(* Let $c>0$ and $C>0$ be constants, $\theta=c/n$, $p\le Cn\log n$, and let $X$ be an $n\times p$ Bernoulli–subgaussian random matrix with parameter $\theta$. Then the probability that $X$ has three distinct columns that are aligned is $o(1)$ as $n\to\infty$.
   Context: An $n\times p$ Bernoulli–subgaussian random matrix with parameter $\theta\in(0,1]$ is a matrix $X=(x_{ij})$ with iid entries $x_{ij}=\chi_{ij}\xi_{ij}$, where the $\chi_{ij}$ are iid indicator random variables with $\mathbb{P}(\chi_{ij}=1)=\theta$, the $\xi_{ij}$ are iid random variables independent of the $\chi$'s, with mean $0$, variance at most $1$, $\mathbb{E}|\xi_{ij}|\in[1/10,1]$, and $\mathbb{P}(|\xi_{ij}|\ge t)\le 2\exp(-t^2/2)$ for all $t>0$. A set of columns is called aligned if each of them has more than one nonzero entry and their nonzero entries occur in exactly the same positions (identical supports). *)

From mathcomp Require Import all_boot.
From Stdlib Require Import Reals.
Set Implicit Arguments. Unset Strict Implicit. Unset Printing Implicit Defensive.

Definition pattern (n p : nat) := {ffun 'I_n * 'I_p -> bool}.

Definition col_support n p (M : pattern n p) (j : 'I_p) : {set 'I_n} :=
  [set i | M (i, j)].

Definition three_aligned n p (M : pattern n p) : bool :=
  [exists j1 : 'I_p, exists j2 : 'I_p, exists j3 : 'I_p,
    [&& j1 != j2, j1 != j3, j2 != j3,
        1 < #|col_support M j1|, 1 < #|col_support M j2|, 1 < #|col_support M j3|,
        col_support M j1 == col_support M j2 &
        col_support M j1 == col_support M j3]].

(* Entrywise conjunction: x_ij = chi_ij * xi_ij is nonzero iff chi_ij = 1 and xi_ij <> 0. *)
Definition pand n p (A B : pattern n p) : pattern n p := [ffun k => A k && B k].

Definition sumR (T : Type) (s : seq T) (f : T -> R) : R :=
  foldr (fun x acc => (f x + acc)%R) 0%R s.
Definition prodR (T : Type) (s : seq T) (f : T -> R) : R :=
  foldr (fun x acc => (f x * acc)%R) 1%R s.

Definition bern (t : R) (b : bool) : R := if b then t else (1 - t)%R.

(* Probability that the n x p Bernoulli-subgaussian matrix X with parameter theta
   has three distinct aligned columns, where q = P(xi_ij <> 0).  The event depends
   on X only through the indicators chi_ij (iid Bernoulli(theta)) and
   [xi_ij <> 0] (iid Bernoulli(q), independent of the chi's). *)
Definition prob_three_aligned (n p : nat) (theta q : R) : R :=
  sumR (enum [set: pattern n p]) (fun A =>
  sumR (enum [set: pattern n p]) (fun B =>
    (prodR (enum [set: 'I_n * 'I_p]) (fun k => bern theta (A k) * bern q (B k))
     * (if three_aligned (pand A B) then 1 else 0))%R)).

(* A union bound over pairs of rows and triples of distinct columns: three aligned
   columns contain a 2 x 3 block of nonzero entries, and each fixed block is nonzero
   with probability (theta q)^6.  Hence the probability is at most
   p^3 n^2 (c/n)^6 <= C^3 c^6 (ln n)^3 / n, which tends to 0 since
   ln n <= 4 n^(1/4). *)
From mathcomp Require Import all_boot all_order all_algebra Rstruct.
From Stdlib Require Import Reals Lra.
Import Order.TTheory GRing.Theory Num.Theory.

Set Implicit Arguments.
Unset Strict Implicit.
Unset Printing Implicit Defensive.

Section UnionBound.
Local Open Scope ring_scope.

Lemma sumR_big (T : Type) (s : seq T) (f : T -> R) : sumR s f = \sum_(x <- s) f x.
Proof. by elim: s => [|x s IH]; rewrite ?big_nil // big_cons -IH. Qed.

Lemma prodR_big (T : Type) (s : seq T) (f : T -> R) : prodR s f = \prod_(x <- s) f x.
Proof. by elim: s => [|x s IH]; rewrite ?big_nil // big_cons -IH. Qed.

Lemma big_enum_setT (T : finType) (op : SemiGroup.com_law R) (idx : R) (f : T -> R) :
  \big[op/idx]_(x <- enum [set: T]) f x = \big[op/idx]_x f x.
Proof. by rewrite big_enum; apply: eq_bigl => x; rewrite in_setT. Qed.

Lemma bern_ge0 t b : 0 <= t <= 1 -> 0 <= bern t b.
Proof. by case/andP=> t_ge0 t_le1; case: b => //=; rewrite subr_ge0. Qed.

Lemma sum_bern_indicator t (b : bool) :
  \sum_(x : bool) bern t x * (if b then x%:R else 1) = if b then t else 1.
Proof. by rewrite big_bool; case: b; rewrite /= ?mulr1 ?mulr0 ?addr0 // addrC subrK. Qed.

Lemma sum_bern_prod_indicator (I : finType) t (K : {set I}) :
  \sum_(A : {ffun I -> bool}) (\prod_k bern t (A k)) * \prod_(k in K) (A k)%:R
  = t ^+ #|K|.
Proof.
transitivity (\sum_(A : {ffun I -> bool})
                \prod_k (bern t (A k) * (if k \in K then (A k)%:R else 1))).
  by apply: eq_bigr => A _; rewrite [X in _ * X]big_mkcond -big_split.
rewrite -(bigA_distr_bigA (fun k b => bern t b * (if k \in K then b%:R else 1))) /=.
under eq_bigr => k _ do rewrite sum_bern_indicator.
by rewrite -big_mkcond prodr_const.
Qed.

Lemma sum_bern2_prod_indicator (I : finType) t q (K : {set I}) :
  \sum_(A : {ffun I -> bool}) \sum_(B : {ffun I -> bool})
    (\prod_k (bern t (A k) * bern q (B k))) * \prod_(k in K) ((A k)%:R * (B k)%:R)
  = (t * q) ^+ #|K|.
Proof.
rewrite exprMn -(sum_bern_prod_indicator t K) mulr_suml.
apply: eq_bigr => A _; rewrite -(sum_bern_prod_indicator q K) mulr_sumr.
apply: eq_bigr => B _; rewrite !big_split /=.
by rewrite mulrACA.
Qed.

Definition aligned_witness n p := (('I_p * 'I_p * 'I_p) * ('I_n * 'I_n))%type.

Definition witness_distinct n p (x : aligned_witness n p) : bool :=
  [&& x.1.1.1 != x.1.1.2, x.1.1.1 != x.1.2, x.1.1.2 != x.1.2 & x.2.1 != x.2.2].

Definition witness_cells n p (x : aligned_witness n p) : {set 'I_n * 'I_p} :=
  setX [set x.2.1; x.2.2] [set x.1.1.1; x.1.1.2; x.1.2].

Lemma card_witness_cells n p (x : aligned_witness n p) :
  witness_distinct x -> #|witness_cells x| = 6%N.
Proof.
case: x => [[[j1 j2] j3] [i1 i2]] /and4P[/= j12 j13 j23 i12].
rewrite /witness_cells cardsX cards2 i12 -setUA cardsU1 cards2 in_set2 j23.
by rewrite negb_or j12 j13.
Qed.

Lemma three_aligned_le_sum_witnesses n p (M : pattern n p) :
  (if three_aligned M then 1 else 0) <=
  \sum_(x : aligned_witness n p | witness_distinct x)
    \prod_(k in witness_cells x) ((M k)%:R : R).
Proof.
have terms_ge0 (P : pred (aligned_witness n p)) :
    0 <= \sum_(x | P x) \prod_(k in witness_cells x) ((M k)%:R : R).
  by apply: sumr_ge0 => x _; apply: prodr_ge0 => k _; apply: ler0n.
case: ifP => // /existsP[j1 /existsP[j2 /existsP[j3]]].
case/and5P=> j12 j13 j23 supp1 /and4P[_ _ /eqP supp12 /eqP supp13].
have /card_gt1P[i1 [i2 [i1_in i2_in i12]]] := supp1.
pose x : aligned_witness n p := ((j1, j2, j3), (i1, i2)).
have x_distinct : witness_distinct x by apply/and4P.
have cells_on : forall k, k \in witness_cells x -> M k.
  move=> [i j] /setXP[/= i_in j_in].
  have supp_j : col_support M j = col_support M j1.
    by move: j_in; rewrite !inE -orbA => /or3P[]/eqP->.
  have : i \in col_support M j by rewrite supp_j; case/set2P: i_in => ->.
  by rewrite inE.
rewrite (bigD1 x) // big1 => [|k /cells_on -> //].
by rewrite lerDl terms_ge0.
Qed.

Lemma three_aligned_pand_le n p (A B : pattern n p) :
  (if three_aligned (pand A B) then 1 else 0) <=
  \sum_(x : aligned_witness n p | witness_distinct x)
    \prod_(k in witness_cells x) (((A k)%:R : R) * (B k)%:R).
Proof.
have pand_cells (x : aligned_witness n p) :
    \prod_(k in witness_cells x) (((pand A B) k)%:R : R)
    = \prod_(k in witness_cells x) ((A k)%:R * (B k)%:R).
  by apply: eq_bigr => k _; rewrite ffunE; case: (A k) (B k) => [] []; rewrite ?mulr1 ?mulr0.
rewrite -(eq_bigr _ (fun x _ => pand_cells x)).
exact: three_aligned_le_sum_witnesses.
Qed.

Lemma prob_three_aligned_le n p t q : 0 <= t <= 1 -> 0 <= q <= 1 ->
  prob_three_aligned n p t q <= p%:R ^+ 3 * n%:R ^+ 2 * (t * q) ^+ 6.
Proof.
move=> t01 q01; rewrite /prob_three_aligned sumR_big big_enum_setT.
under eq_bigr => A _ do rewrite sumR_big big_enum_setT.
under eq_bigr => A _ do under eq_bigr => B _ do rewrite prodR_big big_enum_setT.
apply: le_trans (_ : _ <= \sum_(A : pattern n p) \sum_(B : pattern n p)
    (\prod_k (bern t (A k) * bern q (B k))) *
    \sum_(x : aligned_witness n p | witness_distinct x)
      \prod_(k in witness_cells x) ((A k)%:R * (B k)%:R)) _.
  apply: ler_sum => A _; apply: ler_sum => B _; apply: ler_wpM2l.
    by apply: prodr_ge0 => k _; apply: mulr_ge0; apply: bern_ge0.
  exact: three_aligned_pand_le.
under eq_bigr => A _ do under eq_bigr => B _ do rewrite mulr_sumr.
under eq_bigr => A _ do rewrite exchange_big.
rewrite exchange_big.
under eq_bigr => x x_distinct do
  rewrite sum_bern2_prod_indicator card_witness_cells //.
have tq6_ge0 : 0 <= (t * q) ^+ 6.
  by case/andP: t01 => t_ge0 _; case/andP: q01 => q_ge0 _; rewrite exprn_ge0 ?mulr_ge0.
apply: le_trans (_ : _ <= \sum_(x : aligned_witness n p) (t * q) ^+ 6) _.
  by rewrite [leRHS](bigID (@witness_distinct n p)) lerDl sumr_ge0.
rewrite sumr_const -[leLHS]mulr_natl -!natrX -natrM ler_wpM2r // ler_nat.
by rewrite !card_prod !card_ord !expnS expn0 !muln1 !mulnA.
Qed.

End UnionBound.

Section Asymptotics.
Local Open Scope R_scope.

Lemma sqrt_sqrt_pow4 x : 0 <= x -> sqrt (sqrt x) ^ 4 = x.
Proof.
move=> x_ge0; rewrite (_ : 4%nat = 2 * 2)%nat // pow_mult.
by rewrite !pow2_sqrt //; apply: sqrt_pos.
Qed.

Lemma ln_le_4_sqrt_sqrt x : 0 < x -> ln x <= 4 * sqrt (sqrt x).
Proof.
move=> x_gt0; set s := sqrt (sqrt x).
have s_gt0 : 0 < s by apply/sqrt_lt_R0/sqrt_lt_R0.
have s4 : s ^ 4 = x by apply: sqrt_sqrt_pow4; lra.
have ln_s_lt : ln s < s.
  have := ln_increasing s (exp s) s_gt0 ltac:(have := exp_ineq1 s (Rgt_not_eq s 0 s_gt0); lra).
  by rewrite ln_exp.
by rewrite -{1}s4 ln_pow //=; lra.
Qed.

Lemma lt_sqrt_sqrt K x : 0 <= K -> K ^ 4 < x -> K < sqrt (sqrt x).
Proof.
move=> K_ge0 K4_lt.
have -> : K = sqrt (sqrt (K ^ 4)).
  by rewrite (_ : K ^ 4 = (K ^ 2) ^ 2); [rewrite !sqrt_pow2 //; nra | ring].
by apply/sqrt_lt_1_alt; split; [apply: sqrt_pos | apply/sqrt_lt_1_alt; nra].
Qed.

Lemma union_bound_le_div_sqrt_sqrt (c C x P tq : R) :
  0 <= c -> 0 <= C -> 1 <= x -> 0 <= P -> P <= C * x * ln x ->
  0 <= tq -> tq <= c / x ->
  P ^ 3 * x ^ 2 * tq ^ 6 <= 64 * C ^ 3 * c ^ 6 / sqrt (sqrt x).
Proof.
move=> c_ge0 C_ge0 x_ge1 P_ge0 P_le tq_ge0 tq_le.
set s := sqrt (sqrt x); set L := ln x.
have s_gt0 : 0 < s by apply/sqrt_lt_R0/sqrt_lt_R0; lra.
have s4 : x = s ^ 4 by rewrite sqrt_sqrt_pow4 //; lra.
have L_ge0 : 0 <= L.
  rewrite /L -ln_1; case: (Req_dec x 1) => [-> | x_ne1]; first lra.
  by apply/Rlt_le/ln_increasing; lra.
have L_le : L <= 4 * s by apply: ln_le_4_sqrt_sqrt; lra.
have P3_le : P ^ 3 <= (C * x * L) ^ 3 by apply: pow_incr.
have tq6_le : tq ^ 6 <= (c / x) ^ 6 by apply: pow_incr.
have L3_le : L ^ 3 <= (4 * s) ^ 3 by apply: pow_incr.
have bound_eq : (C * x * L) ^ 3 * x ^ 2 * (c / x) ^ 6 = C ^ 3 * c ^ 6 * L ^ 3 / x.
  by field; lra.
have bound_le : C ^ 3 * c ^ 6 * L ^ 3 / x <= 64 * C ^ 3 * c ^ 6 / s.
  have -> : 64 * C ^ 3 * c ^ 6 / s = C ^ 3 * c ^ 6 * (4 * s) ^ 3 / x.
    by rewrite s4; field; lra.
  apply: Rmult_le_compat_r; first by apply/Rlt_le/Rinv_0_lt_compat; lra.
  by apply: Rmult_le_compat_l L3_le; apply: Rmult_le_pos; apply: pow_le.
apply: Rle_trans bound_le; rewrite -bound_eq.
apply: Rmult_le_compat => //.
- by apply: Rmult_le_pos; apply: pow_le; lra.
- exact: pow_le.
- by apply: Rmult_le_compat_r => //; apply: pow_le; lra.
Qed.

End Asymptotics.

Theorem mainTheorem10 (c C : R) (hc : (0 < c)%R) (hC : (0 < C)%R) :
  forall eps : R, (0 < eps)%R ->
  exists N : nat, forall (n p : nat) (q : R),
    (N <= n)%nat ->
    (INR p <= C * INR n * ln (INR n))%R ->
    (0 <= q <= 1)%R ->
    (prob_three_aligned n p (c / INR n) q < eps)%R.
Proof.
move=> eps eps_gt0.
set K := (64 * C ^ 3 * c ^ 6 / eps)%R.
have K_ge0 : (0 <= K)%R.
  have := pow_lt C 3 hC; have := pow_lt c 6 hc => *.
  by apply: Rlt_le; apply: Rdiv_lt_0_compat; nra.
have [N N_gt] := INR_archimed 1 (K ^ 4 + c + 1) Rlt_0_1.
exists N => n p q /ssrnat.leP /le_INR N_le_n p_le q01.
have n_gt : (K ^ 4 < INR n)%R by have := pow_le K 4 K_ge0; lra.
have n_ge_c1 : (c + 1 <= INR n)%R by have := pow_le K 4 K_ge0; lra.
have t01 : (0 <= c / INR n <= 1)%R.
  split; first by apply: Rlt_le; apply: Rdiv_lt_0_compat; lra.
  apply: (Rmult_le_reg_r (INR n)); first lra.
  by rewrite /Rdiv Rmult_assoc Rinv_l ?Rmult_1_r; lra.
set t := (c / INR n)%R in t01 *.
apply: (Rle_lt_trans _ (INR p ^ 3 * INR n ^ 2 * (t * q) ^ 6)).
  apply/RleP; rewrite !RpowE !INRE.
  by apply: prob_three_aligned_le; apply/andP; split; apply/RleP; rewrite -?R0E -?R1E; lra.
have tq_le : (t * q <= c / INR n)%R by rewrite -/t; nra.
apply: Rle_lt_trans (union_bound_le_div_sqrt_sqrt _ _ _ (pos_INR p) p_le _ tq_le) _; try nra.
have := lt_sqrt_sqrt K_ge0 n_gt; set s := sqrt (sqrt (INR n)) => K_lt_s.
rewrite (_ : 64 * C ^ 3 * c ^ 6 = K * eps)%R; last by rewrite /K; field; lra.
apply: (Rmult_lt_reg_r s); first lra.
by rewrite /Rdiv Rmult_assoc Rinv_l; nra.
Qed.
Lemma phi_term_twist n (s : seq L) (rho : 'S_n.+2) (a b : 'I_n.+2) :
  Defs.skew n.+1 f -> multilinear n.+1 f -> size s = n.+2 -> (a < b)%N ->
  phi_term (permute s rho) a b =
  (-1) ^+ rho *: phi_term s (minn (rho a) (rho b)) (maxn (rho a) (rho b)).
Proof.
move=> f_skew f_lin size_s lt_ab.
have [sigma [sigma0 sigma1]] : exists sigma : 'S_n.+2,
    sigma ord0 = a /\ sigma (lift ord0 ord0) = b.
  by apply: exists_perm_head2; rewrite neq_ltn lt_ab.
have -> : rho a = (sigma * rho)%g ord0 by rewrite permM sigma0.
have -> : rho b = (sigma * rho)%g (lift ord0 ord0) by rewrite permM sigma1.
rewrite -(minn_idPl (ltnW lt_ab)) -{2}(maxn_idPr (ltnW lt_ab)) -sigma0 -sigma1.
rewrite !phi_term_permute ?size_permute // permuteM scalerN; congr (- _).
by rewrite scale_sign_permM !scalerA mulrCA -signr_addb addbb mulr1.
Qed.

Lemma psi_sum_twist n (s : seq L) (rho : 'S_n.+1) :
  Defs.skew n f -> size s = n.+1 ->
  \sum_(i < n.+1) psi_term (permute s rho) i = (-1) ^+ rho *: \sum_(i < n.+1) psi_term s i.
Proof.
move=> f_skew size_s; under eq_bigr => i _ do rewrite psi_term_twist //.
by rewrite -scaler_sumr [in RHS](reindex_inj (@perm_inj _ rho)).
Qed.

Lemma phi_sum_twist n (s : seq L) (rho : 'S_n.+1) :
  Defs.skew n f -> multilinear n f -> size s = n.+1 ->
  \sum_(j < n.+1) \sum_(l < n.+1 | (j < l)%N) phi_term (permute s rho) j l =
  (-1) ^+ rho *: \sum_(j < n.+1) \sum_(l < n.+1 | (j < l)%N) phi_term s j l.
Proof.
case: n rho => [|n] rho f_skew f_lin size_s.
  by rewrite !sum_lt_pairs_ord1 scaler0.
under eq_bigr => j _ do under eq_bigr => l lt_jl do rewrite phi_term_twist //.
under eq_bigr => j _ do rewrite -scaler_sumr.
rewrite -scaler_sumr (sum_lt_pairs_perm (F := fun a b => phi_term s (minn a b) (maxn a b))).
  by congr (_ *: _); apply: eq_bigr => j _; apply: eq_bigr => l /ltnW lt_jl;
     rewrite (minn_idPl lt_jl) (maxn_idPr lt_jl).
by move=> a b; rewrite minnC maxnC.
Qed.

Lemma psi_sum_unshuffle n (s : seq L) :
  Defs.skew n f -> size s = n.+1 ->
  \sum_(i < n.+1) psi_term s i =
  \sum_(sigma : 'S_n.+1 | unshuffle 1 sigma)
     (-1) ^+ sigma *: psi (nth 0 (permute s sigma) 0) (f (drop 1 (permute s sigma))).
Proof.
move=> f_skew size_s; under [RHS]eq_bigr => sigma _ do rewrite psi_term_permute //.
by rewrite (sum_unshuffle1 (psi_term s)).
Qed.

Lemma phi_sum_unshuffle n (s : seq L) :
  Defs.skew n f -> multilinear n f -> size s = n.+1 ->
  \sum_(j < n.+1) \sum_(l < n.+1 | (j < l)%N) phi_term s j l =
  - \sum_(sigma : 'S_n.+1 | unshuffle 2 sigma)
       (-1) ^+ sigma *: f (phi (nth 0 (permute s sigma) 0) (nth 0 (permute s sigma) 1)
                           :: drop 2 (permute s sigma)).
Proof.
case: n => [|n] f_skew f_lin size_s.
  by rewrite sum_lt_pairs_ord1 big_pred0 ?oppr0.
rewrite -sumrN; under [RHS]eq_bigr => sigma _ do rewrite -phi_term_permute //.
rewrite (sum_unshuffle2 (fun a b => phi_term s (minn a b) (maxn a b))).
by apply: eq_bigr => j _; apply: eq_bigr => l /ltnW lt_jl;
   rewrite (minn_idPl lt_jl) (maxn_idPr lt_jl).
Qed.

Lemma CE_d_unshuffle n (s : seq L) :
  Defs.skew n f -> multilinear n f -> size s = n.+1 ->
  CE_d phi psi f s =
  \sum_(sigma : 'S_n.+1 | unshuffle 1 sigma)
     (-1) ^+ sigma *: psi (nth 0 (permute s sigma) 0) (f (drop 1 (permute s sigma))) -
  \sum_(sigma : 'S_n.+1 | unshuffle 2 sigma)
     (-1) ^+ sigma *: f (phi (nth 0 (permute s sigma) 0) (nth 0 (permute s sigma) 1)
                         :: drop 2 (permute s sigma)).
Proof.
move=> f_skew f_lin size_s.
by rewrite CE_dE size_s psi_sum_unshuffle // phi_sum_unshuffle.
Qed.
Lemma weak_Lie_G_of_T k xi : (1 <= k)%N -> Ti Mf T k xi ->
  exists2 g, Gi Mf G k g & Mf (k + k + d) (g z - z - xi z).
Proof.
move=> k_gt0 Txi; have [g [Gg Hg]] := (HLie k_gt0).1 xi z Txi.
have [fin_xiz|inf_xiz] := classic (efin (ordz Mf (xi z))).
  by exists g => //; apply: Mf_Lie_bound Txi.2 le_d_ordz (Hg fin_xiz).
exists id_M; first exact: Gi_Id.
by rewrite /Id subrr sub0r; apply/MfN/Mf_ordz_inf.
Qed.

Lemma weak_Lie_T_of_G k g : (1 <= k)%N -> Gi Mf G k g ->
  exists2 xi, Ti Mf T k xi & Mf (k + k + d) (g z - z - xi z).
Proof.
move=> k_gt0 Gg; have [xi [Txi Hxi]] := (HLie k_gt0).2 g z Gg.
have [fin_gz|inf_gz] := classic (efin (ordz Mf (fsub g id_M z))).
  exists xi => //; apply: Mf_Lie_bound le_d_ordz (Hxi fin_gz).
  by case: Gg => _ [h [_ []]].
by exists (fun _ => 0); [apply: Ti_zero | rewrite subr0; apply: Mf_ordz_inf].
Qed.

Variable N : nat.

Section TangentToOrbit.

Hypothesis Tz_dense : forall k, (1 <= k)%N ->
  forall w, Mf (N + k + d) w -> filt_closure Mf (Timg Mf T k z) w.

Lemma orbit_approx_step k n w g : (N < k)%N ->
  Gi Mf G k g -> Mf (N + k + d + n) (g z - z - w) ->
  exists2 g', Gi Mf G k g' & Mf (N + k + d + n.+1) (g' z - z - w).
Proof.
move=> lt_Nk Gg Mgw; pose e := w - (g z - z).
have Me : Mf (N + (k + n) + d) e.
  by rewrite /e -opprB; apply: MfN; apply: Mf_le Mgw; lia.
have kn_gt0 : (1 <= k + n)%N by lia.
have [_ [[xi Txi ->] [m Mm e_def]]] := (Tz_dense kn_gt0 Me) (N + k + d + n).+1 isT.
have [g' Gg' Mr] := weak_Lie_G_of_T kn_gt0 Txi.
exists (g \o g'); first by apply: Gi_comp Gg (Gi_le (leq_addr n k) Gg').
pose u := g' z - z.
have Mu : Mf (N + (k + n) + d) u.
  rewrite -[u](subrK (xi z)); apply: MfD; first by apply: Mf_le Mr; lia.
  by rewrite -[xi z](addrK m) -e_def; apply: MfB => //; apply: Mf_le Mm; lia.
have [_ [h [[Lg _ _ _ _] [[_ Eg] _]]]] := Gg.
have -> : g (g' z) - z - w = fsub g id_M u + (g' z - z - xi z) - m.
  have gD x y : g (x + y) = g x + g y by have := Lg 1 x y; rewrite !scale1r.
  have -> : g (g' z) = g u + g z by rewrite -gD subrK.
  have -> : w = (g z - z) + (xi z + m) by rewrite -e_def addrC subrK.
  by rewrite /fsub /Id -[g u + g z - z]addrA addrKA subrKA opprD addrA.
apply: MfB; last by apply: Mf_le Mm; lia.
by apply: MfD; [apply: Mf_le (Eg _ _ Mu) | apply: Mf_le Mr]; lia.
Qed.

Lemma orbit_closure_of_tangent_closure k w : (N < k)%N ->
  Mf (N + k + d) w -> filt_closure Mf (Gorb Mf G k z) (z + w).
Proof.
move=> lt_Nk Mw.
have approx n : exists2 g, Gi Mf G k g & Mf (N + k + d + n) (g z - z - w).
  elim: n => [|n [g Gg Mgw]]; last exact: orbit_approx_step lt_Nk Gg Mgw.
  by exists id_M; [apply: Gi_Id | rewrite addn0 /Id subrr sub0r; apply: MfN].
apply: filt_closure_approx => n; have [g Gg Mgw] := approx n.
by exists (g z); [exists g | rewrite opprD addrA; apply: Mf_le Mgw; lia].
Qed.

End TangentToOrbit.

Instructions to follow:
In the entries above, restate word for word the lines between the one holding "k)%:R : R) * (B k)%:R)." and the one holding "under eq_bigr => A _ do rewrite sumR_big", inclusive, and nothing besides.

Task answer:
    \prod_(k in witness_cells x) (((A k)%:R : R) * (B k)%:R).
Proof.
have pand_cells (x : aligned_witness n p) :
    \prod_(k in witness_cells x) (((pand A B) k)%:R : R)
    = \prod_(k in witness_cells x) ((A k)%:R * (B k)%:R).
  by apply: eq_bigr => k _; rewrite ffunE; case: (A k) (B k) => [] []; rewrite ?mulr1 ?mulr0.
rewrite -(eq_bigr _ (fun x _ => pand_cells x)).
exact: three_aligned_le_sum_witnesses.
Qed.

Lemma prob_three_aligned_le n p t q : 0 <= t <= 1 -> 0 <= q <= 1 ->
  prob_three_aligned n p t q <= p%:R ^+ 3 * n%:R ^+ 2 * (t * q) ^+ 6.
Proof.
move=> t01 q01; rewrite /prob_three_aligned sumR_big big_enum_setT.
under eq_bigr => A _ do rewrite sumR_big big_enum_setT.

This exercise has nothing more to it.